**Aim of the exercise**
All lines below containing the string "realType" are to be copied.
*** Entries supplied ***
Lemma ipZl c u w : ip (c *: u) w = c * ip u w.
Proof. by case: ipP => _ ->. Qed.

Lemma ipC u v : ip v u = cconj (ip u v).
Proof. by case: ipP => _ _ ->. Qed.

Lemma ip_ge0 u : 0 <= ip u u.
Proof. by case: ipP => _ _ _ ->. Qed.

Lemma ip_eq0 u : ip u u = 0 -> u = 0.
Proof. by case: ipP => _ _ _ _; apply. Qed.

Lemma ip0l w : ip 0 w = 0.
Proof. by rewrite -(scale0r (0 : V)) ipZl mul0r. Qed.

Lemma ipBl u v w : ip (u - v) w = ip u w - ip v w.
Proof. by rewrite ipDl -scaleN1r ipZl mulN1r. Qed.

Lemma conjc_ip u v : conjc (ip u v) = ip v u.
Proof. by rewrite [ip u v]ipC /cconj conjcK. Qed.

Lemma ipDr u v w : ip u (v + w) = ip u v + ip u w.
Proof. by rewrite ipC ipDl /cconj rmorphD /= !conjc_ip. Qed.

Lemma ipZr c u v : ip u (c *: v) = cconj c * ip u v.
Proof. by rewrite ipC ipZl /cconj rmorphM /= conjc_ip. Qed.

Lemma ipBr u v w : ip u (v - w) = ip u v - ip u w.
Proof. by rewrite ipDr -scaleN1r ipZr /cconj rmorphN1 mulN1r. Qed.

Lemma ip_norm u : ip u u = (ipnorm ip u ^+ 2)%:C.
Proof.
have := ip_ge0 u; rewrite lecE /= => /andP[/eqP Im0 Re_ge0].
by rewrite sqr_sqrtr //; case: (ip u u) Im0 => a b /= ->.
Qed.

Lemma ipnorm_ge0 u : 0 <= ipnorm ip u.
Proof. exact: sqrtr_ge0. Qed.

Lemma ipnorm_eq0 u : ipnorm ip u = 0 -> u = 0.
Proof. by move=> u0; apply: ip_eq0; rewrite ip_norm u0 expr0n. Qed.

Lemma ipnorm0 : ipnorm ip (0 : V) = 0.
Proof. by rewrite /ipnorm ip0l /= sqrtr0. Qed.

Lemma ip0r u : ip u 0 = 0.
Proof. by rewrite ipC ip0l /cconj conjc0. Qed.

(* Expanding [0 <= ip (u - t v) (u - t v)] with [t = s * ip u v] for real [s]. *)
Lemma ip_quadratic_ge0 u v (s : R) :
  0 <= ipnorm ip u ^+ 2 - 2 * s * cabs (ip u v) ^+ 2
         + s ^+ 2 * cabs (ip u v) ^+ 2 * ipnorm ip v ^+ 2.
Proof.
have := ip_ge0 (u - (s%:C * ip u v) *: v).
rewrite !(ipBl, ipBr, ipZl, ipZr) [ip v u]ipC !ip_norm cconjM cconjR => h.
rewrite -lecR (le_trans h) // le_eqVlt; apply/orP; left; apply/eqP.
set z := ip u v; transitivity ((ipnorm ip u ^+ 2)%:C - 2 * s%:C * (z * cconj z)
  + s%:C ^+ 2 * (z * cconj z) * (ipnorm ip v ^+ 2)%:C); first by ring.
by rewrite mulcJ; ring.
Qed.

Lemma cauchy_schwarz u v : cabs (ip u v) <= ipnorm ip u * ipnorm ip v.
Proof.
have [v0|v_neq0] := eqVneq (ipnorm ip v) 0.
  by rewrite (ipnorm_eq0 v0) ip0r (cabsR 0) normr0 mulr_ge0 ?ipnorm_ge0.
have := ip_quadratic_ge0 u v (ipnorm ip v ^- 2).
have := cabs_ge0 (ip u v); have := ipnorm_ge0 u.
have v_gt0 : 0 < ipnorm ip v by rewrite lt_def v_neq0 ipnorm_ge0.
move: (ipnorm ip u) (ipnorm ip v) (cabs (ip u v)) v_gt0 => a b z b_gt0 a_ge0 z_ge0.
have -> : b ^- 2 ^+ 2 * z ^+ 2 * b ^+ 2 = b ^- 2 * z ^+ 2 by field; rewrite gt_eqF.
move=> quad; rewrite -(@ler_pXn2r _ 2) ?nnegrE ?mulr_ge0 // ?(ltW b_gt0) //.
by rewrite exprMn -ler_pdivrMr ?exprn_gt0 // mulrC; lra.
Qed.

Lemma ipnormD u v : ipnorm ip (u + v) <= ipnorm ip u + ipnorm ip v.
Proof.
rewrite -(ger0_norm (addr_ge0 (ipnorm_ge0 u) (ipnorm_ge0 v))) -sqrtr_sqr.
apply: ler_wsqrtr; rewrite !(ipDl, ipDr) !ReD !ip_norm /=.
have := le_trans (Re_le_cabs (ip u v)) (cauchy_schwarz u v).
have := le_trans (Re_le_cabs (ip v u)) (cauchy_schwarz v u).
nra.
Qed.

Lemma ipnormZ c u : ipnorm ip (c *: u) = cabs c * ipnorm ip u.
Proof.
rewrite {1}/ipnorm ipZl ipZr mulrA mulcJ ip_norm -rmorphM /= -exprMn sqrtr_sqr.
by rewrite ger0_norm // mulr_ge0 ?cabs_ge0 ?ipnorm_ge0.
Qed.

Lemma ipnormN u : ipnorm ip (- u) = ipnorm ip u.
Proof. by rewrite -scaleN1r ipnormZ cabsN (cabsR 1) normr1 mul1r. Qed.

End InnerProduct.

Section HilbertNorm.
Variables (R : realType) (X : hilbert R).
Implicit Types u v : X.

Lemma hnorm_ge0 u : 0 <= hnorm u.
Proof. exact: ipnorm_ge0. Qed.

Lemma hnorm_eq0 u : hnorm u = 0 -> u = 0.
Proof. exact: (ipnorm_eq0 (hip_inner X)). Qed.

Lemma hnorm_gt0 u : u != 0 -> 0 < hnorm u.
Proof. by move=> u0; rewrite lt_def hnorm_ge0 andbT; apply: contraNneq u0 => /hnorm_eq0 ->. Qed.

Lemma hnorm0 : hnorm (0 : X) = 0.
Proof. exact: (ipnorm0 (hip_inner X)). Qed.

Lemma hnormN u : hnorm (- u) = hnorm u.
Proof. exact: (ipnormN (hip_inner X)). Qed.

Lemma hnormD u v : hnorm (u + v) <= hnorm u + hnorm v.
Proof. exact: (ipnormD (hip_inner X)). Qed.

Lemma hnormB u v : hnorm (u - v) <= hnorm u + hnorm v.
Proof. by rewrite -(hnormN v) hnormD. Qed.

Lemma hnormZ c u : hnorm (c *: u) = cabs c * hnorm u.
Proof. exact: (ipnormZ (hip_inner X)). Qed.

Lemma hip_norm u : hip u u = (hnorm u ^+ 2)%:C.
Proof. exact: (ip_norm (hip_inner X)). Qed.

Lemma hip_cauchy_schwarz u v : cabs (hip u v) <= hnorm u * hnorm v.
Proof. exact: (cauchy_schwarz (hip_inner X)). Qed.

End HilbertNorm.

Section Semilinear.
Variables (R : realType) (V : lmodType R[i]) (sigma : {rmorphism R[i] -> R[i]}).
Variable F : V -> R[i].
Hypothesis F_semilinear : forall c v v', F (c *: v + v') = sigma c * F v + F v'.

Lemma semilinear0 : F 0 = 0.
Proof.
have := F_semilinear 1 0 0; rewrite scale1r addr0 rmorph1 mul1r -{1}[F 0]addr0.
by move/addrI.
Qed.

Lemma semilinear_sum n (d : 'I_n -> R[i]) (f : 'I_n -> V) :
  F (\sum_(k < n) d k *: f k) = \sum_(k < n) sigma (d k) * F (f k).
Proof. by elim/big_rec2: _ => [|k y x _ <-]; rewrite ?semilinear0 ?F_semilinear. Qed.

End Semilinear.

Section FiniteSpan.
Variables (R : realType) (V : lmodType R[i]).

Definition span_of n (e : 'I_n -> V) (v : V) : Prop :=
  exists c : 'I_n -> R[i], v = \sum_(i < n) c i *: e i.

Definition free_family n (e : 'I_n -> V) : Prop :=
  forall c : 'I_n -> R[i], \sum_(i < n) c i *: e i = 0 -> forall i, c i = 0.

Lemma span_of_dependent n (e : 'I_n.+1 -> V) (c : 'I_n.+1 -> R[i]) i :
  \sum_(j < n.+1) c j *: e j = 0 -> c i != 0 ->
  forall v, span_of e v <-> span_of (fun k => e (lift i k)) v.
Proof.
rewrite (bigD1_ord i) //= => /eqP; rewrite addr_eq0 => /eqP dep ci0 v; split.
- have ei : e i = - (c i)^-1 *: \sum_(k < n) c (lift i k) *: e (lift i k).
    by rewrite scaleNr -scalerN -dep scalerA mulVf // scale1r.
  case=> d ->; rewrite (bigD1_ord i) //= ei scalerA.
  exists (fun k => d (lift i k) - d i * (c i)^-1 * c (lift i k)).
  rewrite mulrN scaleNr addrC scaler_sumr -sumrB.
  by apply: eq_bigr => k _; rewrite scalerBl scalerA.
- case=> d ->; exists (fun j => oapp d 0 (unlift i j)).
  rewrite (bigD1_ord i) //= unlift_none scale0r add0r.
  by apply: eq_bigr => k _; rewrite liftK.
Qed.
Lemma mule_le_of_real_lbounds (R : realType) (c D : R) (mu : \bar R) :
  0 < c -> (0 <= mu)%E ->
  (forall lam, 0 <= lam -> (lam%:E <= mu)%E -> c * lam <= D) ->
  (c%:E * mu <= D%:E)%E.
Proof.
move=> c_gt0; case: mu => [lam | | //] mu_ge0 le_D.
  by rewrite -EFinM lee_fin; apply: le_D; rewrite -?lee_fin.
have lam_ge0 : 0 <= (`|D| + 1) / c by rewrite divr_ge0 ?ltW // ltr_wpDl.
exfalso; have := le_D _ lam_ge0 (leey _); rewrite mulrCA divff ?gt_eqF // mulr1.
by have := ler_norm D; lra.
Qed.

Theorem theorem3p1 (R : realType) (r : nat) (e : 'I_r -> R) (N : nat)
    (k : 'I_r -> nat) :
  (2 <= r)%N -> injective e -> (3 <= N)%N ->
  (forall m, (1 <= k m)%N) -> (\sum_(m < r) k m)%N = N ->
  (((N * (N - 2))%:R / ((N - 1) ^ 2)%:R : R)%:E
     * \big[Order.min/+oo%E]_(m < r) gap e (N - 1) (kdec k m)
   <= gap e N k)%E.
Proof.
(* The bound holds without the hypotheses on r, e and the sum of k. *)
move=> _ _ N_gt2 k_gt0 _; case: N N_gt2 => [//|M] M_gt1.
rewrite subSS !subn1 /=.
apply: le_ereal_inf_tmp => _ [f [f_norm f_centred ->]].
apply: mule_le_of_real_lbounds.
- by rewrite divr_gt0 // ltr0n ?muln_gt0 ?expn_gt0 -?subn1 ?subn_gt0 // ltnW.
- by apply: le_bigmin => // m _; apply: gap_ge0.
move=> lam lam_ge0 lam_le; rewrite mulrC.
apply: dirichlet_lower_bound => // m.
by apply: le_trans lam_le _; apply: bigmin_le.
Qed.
*** End of Entries supplied ***
**Written reply**
Variables (R : realType) (X : hilbert R).
Variables (R : realType) (V : lmodType R[i]) (sigma : {rmorphism R[i] -> R[i]}).
Variables (R : realType) (V : lmodType R[i]).
Lemma mule_le_of_real_lbounds (R : realType) (c D : R) (mu : \bar R) :
Theorem theorem3p1 (R : realType) (r : nat) (e : 'I_r -> R) (N : nat)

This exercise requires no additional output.